(* A cover c of u is
   encoded by its prefix sums x_j = c_0 + ... + c_(j-1); the conditions on c
   become difference constraints on x (monotonicity, x_n = x_0 + k, and one
   constraint per closed neighbourhood, which is a cyclic interval of three
   consecutive vertices).  Each such constraint is derivable from a weighting
   of the vertices, and the weight bound rules out negative cycles. *)
Section CycleDuality.
Variables (n : nat) (u : 'I_n -> nat) (k : nat).
Hypothesis hn : (3 <= n)%N.
Local Notation N := (nbhd (@cycle_rel n)).

Definition indZ (b : bool) : int := (b : nat)%:Z.

(* [prefix_gap a b c]: a weighting (w, r) certifies that the prefix sums x of
   any cover of u satisfy x_b <= x_a + c; indeed x_b - x_a is the sum of the
   c_i weighted by [i < b] - [i < a], each at most w.N[i] - r. *)
Definition prefix_gap (a b : nat) (c : int) :=
  exists (w : 'I_n -> nat) (r : int),
    c = (\sum_v w v * u v)%N%:Z - r * k%:Z /\
    forall i : 'I_n, indZ (i < b)%N - indZ (i < a)%N + r <= (\sum_v w v * N i v)%N%:Z.

Lemma prefix_gap_chain a b d c c' :
  prefix_gap a b c -> prefix_gap b d c' -> prefix_gap a d (c + c').
Proof.
move=> [w [r [-> h]]] [w' [r' [-> h']]].
exists (fun v => w v + w' v), (r + r'); split; first by rewrite sum_mulDl PoszD; ring.
by move=> i; have := h i; have := h' i; rewrite sum_mulDl PoszD; lra.
Qed.

Lemma prefix_gap_cycle a c : weight_bound (@cycle_rel n) k u -> prefix_gap a a c -> 0 <= c.
Proof.
move=> Hw [w [r [-> h]]].
case: r h => r h; last by rewrite NegzE; lia.
have : (r * k <= \sum_v w v * u v)%N by apply: Hw => i; have := h i; rewrite subrr add0r; lia.
lia.
Qed.

Lemma sum_mul0 (f : 'I_n -> nat) : (\sum_v 0 * f v = 0)%N.
Proof. by rewrite big1. Qed.

(* N[v] = {v-1, v, v+1} is the cyclic interval of prefix indices
   [nb_start v, nb_end v), wrapping around [nb_wrap v] times. *)
Definition nb_start (v : 'I_n) : nat := if v == 0%N :> nat then n.-1 else v.-1.
Definition nb_end (v : 'I_n) : nat := if (v.+2 <= n)%N then v.+2 else (v.+2 - n)%N.
Definition nb_wrap (v : 'I_n) : int := if (v == 0%N :> nat) || (n < v.+2)%N then 1 else 0.
Definition nbhd_constraint (v : 'I_n) : constraint :=
  ((nb_start v, nb_end v), (u v)%:Z - nb_wrap v * k%:Z).

(* Prefix sums of a cover: nondecreasing, total k, and at most u v on N[v]. *)
Definition cover_system : seq constraint :=
  [seq ((j.+1, j), 0) | j <- iota 0 n] ++
  [:: ((0%N, n), k%:Z); ((n, 0%N), - k%:Z)] ++ [seq nbhd_constraint v | v <- enum 'I_n].

Lemma cover_system_derivable : derivable_system prefix_gap n.+1 cover_system.
Proof.
move=> t; rewrite !mem_cat => /or3P [].
- case/mapP => j; rewrite mem_iota add0n => /andP [_ hj] -> /=; split; try lia.
  exists (fun _ => 0%N), 0; split; first by rewrite sum_mul0.
  by move=> i; rewrite sum_mul0 /indZ; lia.
- rewrite !inE => /orP [] /eqP -> /=; split; try lia.
  + exists (fun _ => 0%N), (-1); split; first by rewrite sum_mul0; lia.
    by move=> i; rewrite sum_mul0 /indZ; have := ltn_ord i; lia.
  + exists (fun _ => 0%N), 1; split; first by rewrite sum_mul0; lia.
    by move=> i; rewrite sum_mul0 /indZ; have := ltn_ord i; lia.
- case/mapP => v _ -> /=; rewrite /nb_start /nb_end.
  have hv := ltn_ord v.
  split; [|by case: ifP; lia|by case: ifP; lia].
  exists (fun v' => (v' == v : nat)), (nb_wrap v); split.
    by under eq_bigr => v' _ do rewrite mulnC; rewrite sum_indicator.
  move=> i; under eq_bigr => v' _ do rewrite mulnC; rewrite sum_indicator.
  have hi := ltn_ord i.
  rewrite cycle_nbhd_val /indZ /nb_wrap.
  move: (i : nat) (v : nat) hi hv => ii vv hi hv.
  repeat (case: ifP => ? /=).
  all: lia.
Qed.

Lemma cover_system_solution : weight_bound (@cycle_rel n) k u ->
  exists x : nat -> int,
  [/\ forall j, (j < n)%N -> x j <= x j.+1, x n = x 0%N + k%:Z &
      forall v, x (nb_end v) <= x (nb_start v) + ((u v)%:Z - nb_wrap v * k%:Z)].
Proof.
move=> Hw.
have [x hx] := derivable_system_feasible prefix_gap_chain
  (fun a c => prefix_gap_cycle Hw (a := a) (c := c)) cover_system_derivable.
exists x; split.
- move=> j hj; have := hx ((j.+1, j), 0); rewrite /satisfies /= addr0; apply.
  by rewrite mem_cat; apply/orP; left; apply/mapP; exists j; rewrite // mem_iota.
- have := hx ((0%N, n), k%:Z); have := hx ((n, 0%N), - k%:Z).
  rewrite /satisfies /= !mem_cat !inE !eqxx !orbT /=.
  by move=> /(_ isT) h1 /(_ isT) h2; lra.
- move=> v; apply: (hx (nbhd_constraint v)).
  by rewrite !mem_cat; apply/or3P; constructor 3; apply/mapP; exists v; rewrite ?mem_enum.
Qed.

Theorem cycle_cover : weight_bound (@cycle_rel n) k u -> nbhd_cover (@cycle_rel n) k u.
Proof.
move=> /cover_system_solution [x [mono top bound]].
pose c (i : 'I_n) := `|x i.+1 - x i|%N.
have ce (i : 'I_n) : (c i)%:Z = x i.+1 - x i.
  by rewrite /c gez0_abs // subr_ge0; apply: mono.
exists c; split.
  apply/eqP; rewrite -eqz_nat; apply/eqP.
  rewrite -[Posz (\sum_i c i)]intz sumMz.
  under eq_bigr => i _ do rewrite intz ce.
  rewrite -(big_mkord xpredT (fun i => x i.+1 - x i)) telescope_sumr // top; ring.
move=> v.
rewrite (cycle_nbhd_sum hn) -lez_nat !PoszD !ce.
have := bound v; have hv := ltn_ord v.
rewrite /nb_start /nb_end /nb_wrap ord_pred_val ordS_val.
case: (eqVneq (v : nat) 0%N) => [v0|vn0].
  rewrite v0 /= (_ : (1 < n)%N = true); last by lia.
  by rewrite prednK; [move=> h; have := top; lra | lia].
rewrite /= prednK; last by lia.
case: ifP => hv1.
  by rewrite (_ : (n < v.+2)%N = false); [lra | lia].
have e : v.+1 = n by lia.
rewrite (_ : (v.+2 - n)%N = 1%N); last by lia.
rewrite (_ : (n < v.+2)%N = true); last by lia.
by rewrite e => h; have := top; lra.
Qed.
End CycleDuality.

Section MonomialIdeals.
Variables (K : fieldType) (n : nat) (g : rel 'I_n).
Local Notation R := {mpoly K[n]}.
Local Notation I := (NI (K:=K) g).

(* [supp_in P f]: every monomial in the support of f has property P.  For an
   upward closed P this is the monomial ideal with exponent set P. *)
Definition supp_in (P : 'X_{1..n} -> Prop) : pset R :=
  fun f => forall m, m \in msupp f -> P m.
Definition upward_closed (P : 'X_{1..n} -> Prop) := forall m m', P m -> P (m' + m)%MM.

Lemma supp_in_ideal P : upward_closed P -> is_ideal (supp_in P).
Proof.
move=> up; split.
- by move=> m; rewrite mcoeff_msupp raddf0 eqxx.
- by move=> a b ha hb m /msuppD_le; rewrite mem_cat => /orP [/ha|/hb].
- by move=> r a ha m /msuppM_le /allpairsP [[m1 m2] /= [_ h2 ->]]; exact/up/ha.
Qed.

Definition mcover (k : nat) (m : 'X_{1..n}) := nbhd_cover g k (fun v => m v).

Lemma mcover0 m : mcover 0 m.
Proof. by exists (fun _ => 0%N); split => [|v]; rewrite big1. Qed.

Lemma mcover_add a b m1 m2 : mcover a m1 -> mcover b m2 -> mcover (a + b) (m1 + m2)%MM.
Proof.
move=> [c1 [s1 h1]] [c2 [s2 h2]]; exists (fun i => c1 i + c2 i)%N; split.
  by rewrite big_split /= s1 s2.
by move=> v; rewrite mnmDE sum_mulDl; have := h1 v; have := h2 v; lia.
Qed.

Lemma mcover_up k : upward_closed (mcover k).
Proof.
by move=> m m' [c [s h]]; exists c; split => // v; rewrite mnmDE; have := h v; lia.
Qed.

Lemma supp_in_mul a b X Y : (forall x, X x -> supp_in (mcover a) x) ->
  (forall y, Y y -> supp_in (mcover b) y) ->
  forall z, ideal_mul X Y z -> supp_in (mcover (a + b)) z.
Proof.
move=> hX hY; apply: ideal_span_sub; first exact/supp_in_ideal/mcover_up.
move=> z [x [y [/hX hx /hY hy ->]]] m /msuppM_le /allpairsP [[m1 m2] /= [h1 h2 ->]].
exact: mcover_add (hx _ h1) (hy _ h2).
Qed.

Definition nbhd_mono (i : 'I_n) : 'X_{1..n} := [multinom (nbhd g i v : nat) | v < n].

Lemma NI_gen_mono (i : 'I_n) :
  \prod_(j : 'I_n | (j == i) || g i j) 'X_j = 'X_[nbhd_mono i] :> R.
Proof.
rewrite (mprodXE K (fun j => U_(j)%MM)); congr mpolyX; apply/mnmP => v.
rewrite mnm_sumE mnmE big_mkcond /= (bigD1 v) //= mnm1E eqxx big1 ?addn0.
  by rewrite /nbhd; case: ifP.
by move=> j /negbTE hj; rewrite mnm1E hj; case: ifP.
Qed.

Lemma NI_gen (i : 'I_n) : I 'X_[nbhd_mono i].
Proof. by apply: ideal_span_gen; exists i; rewrite NI_gen_mono. Qed.

Lemma mcover_gen i : mcover 1 (nbhd_mono i).
Proof.
exists (fun j => (j == i : nat)); split.
  by rewrite (bigD1 i) //= eqxx big1 // => j /negbTE ->.
by move=> v; under eq_bigr => j _ do rewrite mulnC; rewrite sum_indicator mnmE; lia.
Qed.

Lemma NIpow_supp k x : ideal_exp I k x -> supp_in (mcover k) x.
Proof.
elim: k x => [|k IH] x /=; first by move=> _ m _; exact: mcover0.
rewrite -add1n; apply: supp_in_mul => {x} [|x]; last exact: IH.
apply: ideal_span_sub; first exact/supp_in_ideal/mcover_up.
by move=> y [i ->]; rewrite NI_gen_mono => m; rewrite msuppX inE => /eqP ->; exact: mcover_gen.
Qed.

::::::

● **Work order**
Please filter the listing down to lines that include the word "cyclic".

● **Result for this task**
   constraint per closed neighbourhood, which is a cyclic interval of three
(* N[v] = {v-1, v, v+1} is the cyclic interval of prefix indices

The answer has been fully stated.